- _Exercise details_:
Report the number of lines in the data below that hold "case", without any other words.

------ Given data ------

(* Let $(a_i)_{i\ge1}$ be a real sequence. Then $(a_i)_{i\ge1}$ is convex if and only if $$\sum_{i=1}^n\big(a_{\lfloor p_i\rfloor}-a_{\lfloor q_i\rfloor}\big)\le\sum_{i=1}^n\big(\{q_i\}\,\Delta a_{\lfloor q_i\rfloor}-\{p_i\}\,\Delta a_{\lfloor p_i\rfloor}\big)$$ holds for all $n\ge2$ and all $(p_1,\dots,p_n),(q_1,\dots,q_n)\in[1,\infty)^n$ with $(p_1,\dots,p_n)\prec(q_1,\dots,q_n)$.
   Context: $\Delta a_i=a_{i+1}-a_i$; a sequence is convex if $(\Delta a_i)_{i\ge1}$ is non-decreasing. $\lfloor x\rfloor$ is the floor and $\{x\}=x-\lfloor x\rfloor$ the fractional part. For $x,y\in\mathbb{R}^n$, with $x_{[1]}\ge\dots\ge x_{[n]}$ and $y_{[1]}\ge\dots\ge y_{[n]}$ the components in decreasing order, $x\prec y$ ($y$ majorizes $x$) means $\sum_{i=1}^k x_{[i]}\le\sum_{i=1}^k y_{[i]}$ for $k=1,\dots,n-1$ and $\sum_{i=1}^n x_i=\sum_{i=1}^n y_i$. *)

From mathcomp Require Import all_boot all_order all_algebra.
From mathcomp Require Import reals.
Set Implicit Arguments. Unset Strict Implicit. Unset Printing Implicit Defensive.
Import Order.TTheory GRing.Theory Num.Theory.
Local Open Scope ring_scope.

(* Sequences (a_i)_{i>=1} are functions a : nat -> R; a 0 is irrelevant. *)
Definition Delta (R : realType) (a : nat -> R) (i : nat) : R := a i.+1 - a i.

Definition convex_seq (R : realType) (a : nat -> R) : Prop :=
  forall i : nat, (1 <= i)%N -> Delta a i <= Delta a i.+1.

Definition flo (R : realType) (x : R) : nat := `|Num.floor x|%N.
Definition fracpart (R : realType) (x : R) : R := x - (Num.floor x)%:~R.

(* components of x in decreasing order x_[1] >= ... >= x_[n] (0-indexed) *)
Definition decr (R : realType) (n : nat) (x : 'I_n -> R) : seq R :=
  sort (fun u v : R => v <= u) [seq x i | i <- enum 'I_n].

Definition majorized (R : realType) (n : nat) (x y : 'I_n -> R) : Prop :=
  (forall k : nat, (1 <= k <= n.-1)%N ->
     \sum_(i < k) (decr x)`_i <= \sum_(i < k) (decr y)`_i)
  /\ \sum_(i < n) x i = \sum_(i < n) y i.

From mathcomp Require Import all_boot all_order all_algebra.
From mathcomp Require Import reals.
From mathcomp Require Import ring lra zify.
Set Implicit Arguments. Unset Strict Implicit. Unset Printing Implicit Defensive.
Import Order.TTheory GRing.Theory Num.Theory.
Local Open Scope ring_scope.

(* The sum of the inequality rearranges to [\sum_i f (p i) <= \sum_i f (q i)]
   for the piecewise-linear interpolant [f x = a_(floor x) + {x} Delta a_(floor x)]
   of [a].  For convex [a], on [x >= 1] the function [f] is an affine function plus
   the hinges [max (x - k - 2) 0] weighted by the second differences
   [Delta a_(k+2) - Delta a_(k+1) >= 0].  For a hinge at [t], the sum of
   [max (p_i - t) 0] equals [\sum_(i<k) (p_[i] - t)] for some [k]; majorization
   bounds this by [\sum_(i<k) (q_[i] - t)], which is at most the corresponding
   sum for [q].  Conversely,
   [(i+1, i+1) \prec (i+2, i)] and [f] agrees with [a] at integers, so the
   inequality for this pair reads [2 a_(i+1) <= a_(i+2) + a_i]. *)

Lemma sum_pos_part_sorted (R : realDomainType) (s : seq R) (t : R) :
  sorted >=%R s ->
  exists2 k, (k <= size s)%N &
    \sum_(v <- s) Num.max (v - t) 0 = \sum_(i < k) (s`_i - t).
Proof.
elim: s => [|v s IHs] /= sorted_vs.
  by exists 0%N => //; rewrite big_nil big_ord0.
case: (leP v t) => [le_vt | lt_tv]; last first.
  have [k le_ks sum_s] := IHs (path_sorted sorted_vs).
  by exists k.+1 => //; rewrite big_cons sum_s big_ord_recl /= max_l // subr_ge0 ltW.
exists 0%N => //; rewrite big_ord0 big1_seq // => w /andP[_].
have /allP le_sv : all (>=%R v) s.
  by apply: order_path_min sorted_vs; apply: ge_trans.
rewrite inE => /predU1P[-> | /le_sv /= le_wv]; apply/max_idPr; rewrite subr_le0 //.
exact: le_trans le_wv le_vt.
Qed.

Section MajorizationInterpolation.
Variable R : realType.
Implicit Types (a : nat -> R) (x : R).

Lemma flo_truncn x : 0 <= x -> flo x = Num.truncn x.
Proof. by move=> x_ge0; rewrite truncn_floor x_ge0. Qed.

Lemma natr_flo x : 0 <= x -> ((flo x)%:R : R) = (Num.floor x)%:~R.
Proof.
move=> x_ge0; have floor_x_ge0 : 0 <= Num.floor x by rewrite floor_ge0.
by rewrite /flo -[in RHS](gez0_abs floor_x_ge0).
Qed.

Lemma fracpartE x : 0 <= x -> fracpart x = x - (flo x)%:R.
Proof. by move=> x_ge0; rewrite /fracpart natr_flo. Qed.

Lemma flo_nat (m : nat) : flo (m%:R : R) = m.
Proof. by rewrite flo_truncn ?natrK. Qed.

Lemma fracpart_nat (m : nat) : fracpart (m%:R : R) = 0.
Proof. by rewrite fracpartE // flo_nat subrr. Qed.

Definition interp a x := a (flo x) + fracpart x * Delta a (flo x).

Lemma interp_nat a (m : nat) : interp a m%:R = a m.
Proof. by rewrite /interp flo_nat fracpart_nat mul0r addr0. Qed.

Lemma sum_interpE a n (p q : 'I_n -> R) :
  (\sum_(i < n) (a (flo (p i)) - a (flo (q i)))
     <= \sum_(i < n) (fracpart (q i) * Delta a (flo (q i))
                      - fracpart (p i) * Delta a (flo (p i))))
  = (\sum_(i < n) interp a (p i) <= \sum_(i < n) interp a (q i)).
Proof. by rewrite !sumrB !big_split /=; apply/idP/idP => ?; lra. Qed.

Lemma second_difference_expansion a (j : nat) (r : R) :
  a 1%N + Delta a 1 * (j%:R + r)
    + \sum_(k < j) (Delta a k.+2 - Delta a k.+1) * (j%:R + r - k%:R - 1)
  = a j.+1 + r * Delta a j.+1.
Proof.
elim: j r => [|j IHj] r; first by rewrite big_ord0 addr0 add0r mulrC.
have shift (s : R) : j.+1%:R + s = j%:R + (s + 1) by rewrite -natr1; ring.
rewrite big_ord_recr /=; under eq_bigr => k _ do rewrite shift.
by rewrite shift addrA IHj /Delta; ring.
Qed.

Lemma interp_hinge_expansion a x (N : nat) : 1 <= x -> (flo x <= N.+1)%N ->
  interp a x = a 1%N + Delta a 1 * (x - 1)
    + \sum_(k < N) (Delta a k.+2 - Delta a k.+1) * Num.max (x - k.+2%:R) 0.
Proof.
move=> x_ge1 le_flo_N; have x_ge0 : 0 <= x by lra.
have flo_x_gt0 : (0 < flo x)%N by rewrite flo_truncn // truncn_gt0.
have le_flo_x : (flo x)%:R <= x by rewrite flo_truncn // truncn_le.
have lt_x_flo1 : x < (flo x).+1%:R by rewrite flo_truncn // truncnS_gt.
rewrite /interp fracpartE //; move: le_flo_N flo_x_gt0 le_flo_x lt_x_flo1.
case: (flo x) => [//|j] /[!ltnS] le_jN _ le_jx lt_xj.
rewrite -(second_difference_expansion a j (x - j.+1%:R)).
have -> : x - 1 = j%:R + (x - j.+1%:R) by rewrite -natr1; ring.
congr (_ + _); rewrite -(subnKC le_jN) big_split_ord /= [X in _ = _ + X]big1.
  rewrite addr0; apply: eq_bigr => k _; rewrite max_l; first by rewrite -!natr1; ring.
  by rewrite subr_ge0 (le_trans _ le_jx) // ler_nat ltnS ltn_ord.
move=> k _; have : (j <= j + k)%N := leq_addr k j; rewrite -(ler_nat R) => le_j_jk.
by rewrite max_r ?mulr0 // subr_le0 -!natr1; lra.
Qed.

Lemma size_decr n (x : 'I_n -> R) : size (decr x) = n.
Proof. by rewrite size_sort size_map size_enum_ord. Qed.

Lemma sorted_decr n (x : 'I_n -> R) : sorted >=%R (decr x).
Proof. by apply: sort_sorted => u v; rewrite /= orbC le_total. Qed.

Lemma big_decr n (x : 'I_n -> R) (F : R -> R) :
  \sum_(v <- decr x) F v = \sum_(i < n) F (x i).
Proof. by rewrite (perm_big _ (permEl (perm_sort _ _))) big_map big_enum. Qed.

Lemma majorized_prefix n (p q : 'I_n -> R) : majorized p q ->
  forall k, (k <= n)%N -> \sum_(i < k) (decr p)`_i <= \sum_(i < k) (decr q)`_i.
Proof.
case=> prefix_le sum_eq [|k] le_kn; first by rewrite !big_ord0.
have [lt_k_n1 | le_n1_k] := ltnP k n.-1; first by apply: prefix_le; lia.
have -> : k.+1 = n by lia.
have sum_decr (x : 'I_n -> R) : \sum_(i < n) (decr x)`_i = \sum_(i < n) x i.
  by rewrite -(big_decr x id) (big_nth 0) big_mkord size_decr.
by rewrite !sum_decr sum_eq.
Qed.

Lemma majorized_sum_pos_part n (p q : 'I_n -> R) (t : R) : majorized p q ->
  \sum_(i < n) Num.max (p i - t) 0 <= \sum_(i < n) Num.max (q i - t) 0.
Proof.
move=> pq; rewrite -(big_decr p (fun v => Num.max (v - t) 0)).
rewrite -(big_decr q (fun v => Num.max (v - t) 0)).
have [k] := sum_pos_part_sorted t (sorted_decr p); rewrite size_decr => le_kn ->.
rewrite (big_nth 0) big_mkord size_decr.
apply: (@le_trans _ _ (\sum_(i < k) Num.max ((decr q)`_i - t) 0)).
  rewrite sumrB; apply: (@le_trans _ _ (\sum_(i < k) ((decr q)`_i - t))).
    by rewrite sumrB lerD2r majorized_prefix.
  by apply: ler_sum => i _; rewrite le_max lexx.
rewrite (big_ord_widen n (fun i => Num.max ((decr q)`_i - t) 0) le_kn).
rewrite [leRHS](bigID (fun i : 'I_n => (i < k)%N)) /= lerDl.
by apply: sumr_ge0 => i _; rewrite le_max lexx orbT.
Qed.

Lemma majorized_sum_interp a n (p q : 'I_n -> R) :
  convex_seq a -> (forall i, 1 <= p i) -> (forall i, 1 <= q i) -> majorized p q ->
  \sum_(i < n) interp a (p i) <= \sum_(i < n) interp a (q i).
Proof.
move=> convex_a p_ge1 q_ge1 pq.
set N := \max_(i < n) maxn (flo (p i)) (flo (q i)).
have le_max_N i : (maxn (flo (p i)) (flo (q i)) <= N.+1)%N.
  exact: leq_trans (leq_bigmax i) (leqnSn N).
under eq_bigr => i _ do rewrite (interp_hinge_expansion a (p_ge1 i)
  (leq_trans (leq_maxl _ _) (le_max_N i))).
under [leRHS]eq_bigr => i _ do rewrite (interp_hinge_expansion a (q_ge1 i)
  (leq_trans (leq_maxr _ _) (le_max_N i))).
rewrite !big_split /= lerD //.
  by case: pq => _ sum_eq; rewrite -!mulr_sumr !sumrB sum_eq.
rewrite exchange_big [leRHS]exchange_big /=.
apply: ler_sum => k _; rewrite -!mulr_sumr ler_wpM2l ?majorized_sum_pos_part //.
by rewrite subr_ge0 convex_a.
Qed.

Lemma majorized_pair (i : nat) :
  majorized (fun _ : 'I_2 => i.+1%:R : R)
            (fun j : 'I_2 => if j == ord0 then i.+2%:R else i%:R).
Proof.
have sorted_pair (u v : R) : v <= u -> sort (fun u v : R => v <= u) [:: u; v] = [:: u; v].
  by move=> le_vu; rewrite sorted_sort //= ?le_vu //; apply: ge_trans.
rewrite /majorized /decr !enum_ordSl enum_ord0 /= !sorted_pair ?ler_nat //; last by lia.
split=> [k /andP[k_ge1 k_le1] | ].
  have -> : k = 1%N by lia.
  by rewrite !big_ord_recl !big_ord0 /= !addr0 ler_nat.
by rewrite !big_ord_recl !big_ord0 /= -!natr1; ring.
Qed.

End MajorizationInterpolation.

Theorem theorem4p7 (R : realType) (a : nat -> R) :
  convex_seq a <->
  (forall (n : nat), (2 <= n)%N ->
   forall p q : 'I_n -> R,
     (forall i, 1 <= p i) -> (forall i, 1 <= q i) ->
     majorized p q ->
     \sum_(i < n) (a (flo (p i)) - a (flo (q i)))
       <= \sum_(i < n) (fracpart (q i) * Delta a (flo (q i))
                        - fracpart (p i) * Delta a (flo (p i)))).
Proof.
split=> [convex_a n _ p q p_ge1 q_ge1 pq | ineq i i_ge1].
  by rewrite sum_interpE majorized_sum_interp.
have p_ge1 (j : 'I_2) : 1 <= (i.+1%:R : R) by rewrite ler1n.
have q_ge1 (j : 'I_2) : 1 <= (if j == ord0 then i.+2%:R else i%:R : R).
  by case: ifP; rewrite ler1n.
have := ineq 2%N isT _ _ p_ge1 q_ge1 (majorized_pair R i).
rewrite sum_interpE !big_ord_recl !big_ord0 /= !interp_nat /Delta => le2.
by clear -le2; lra.
Qed.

------

- _Your solution_:
5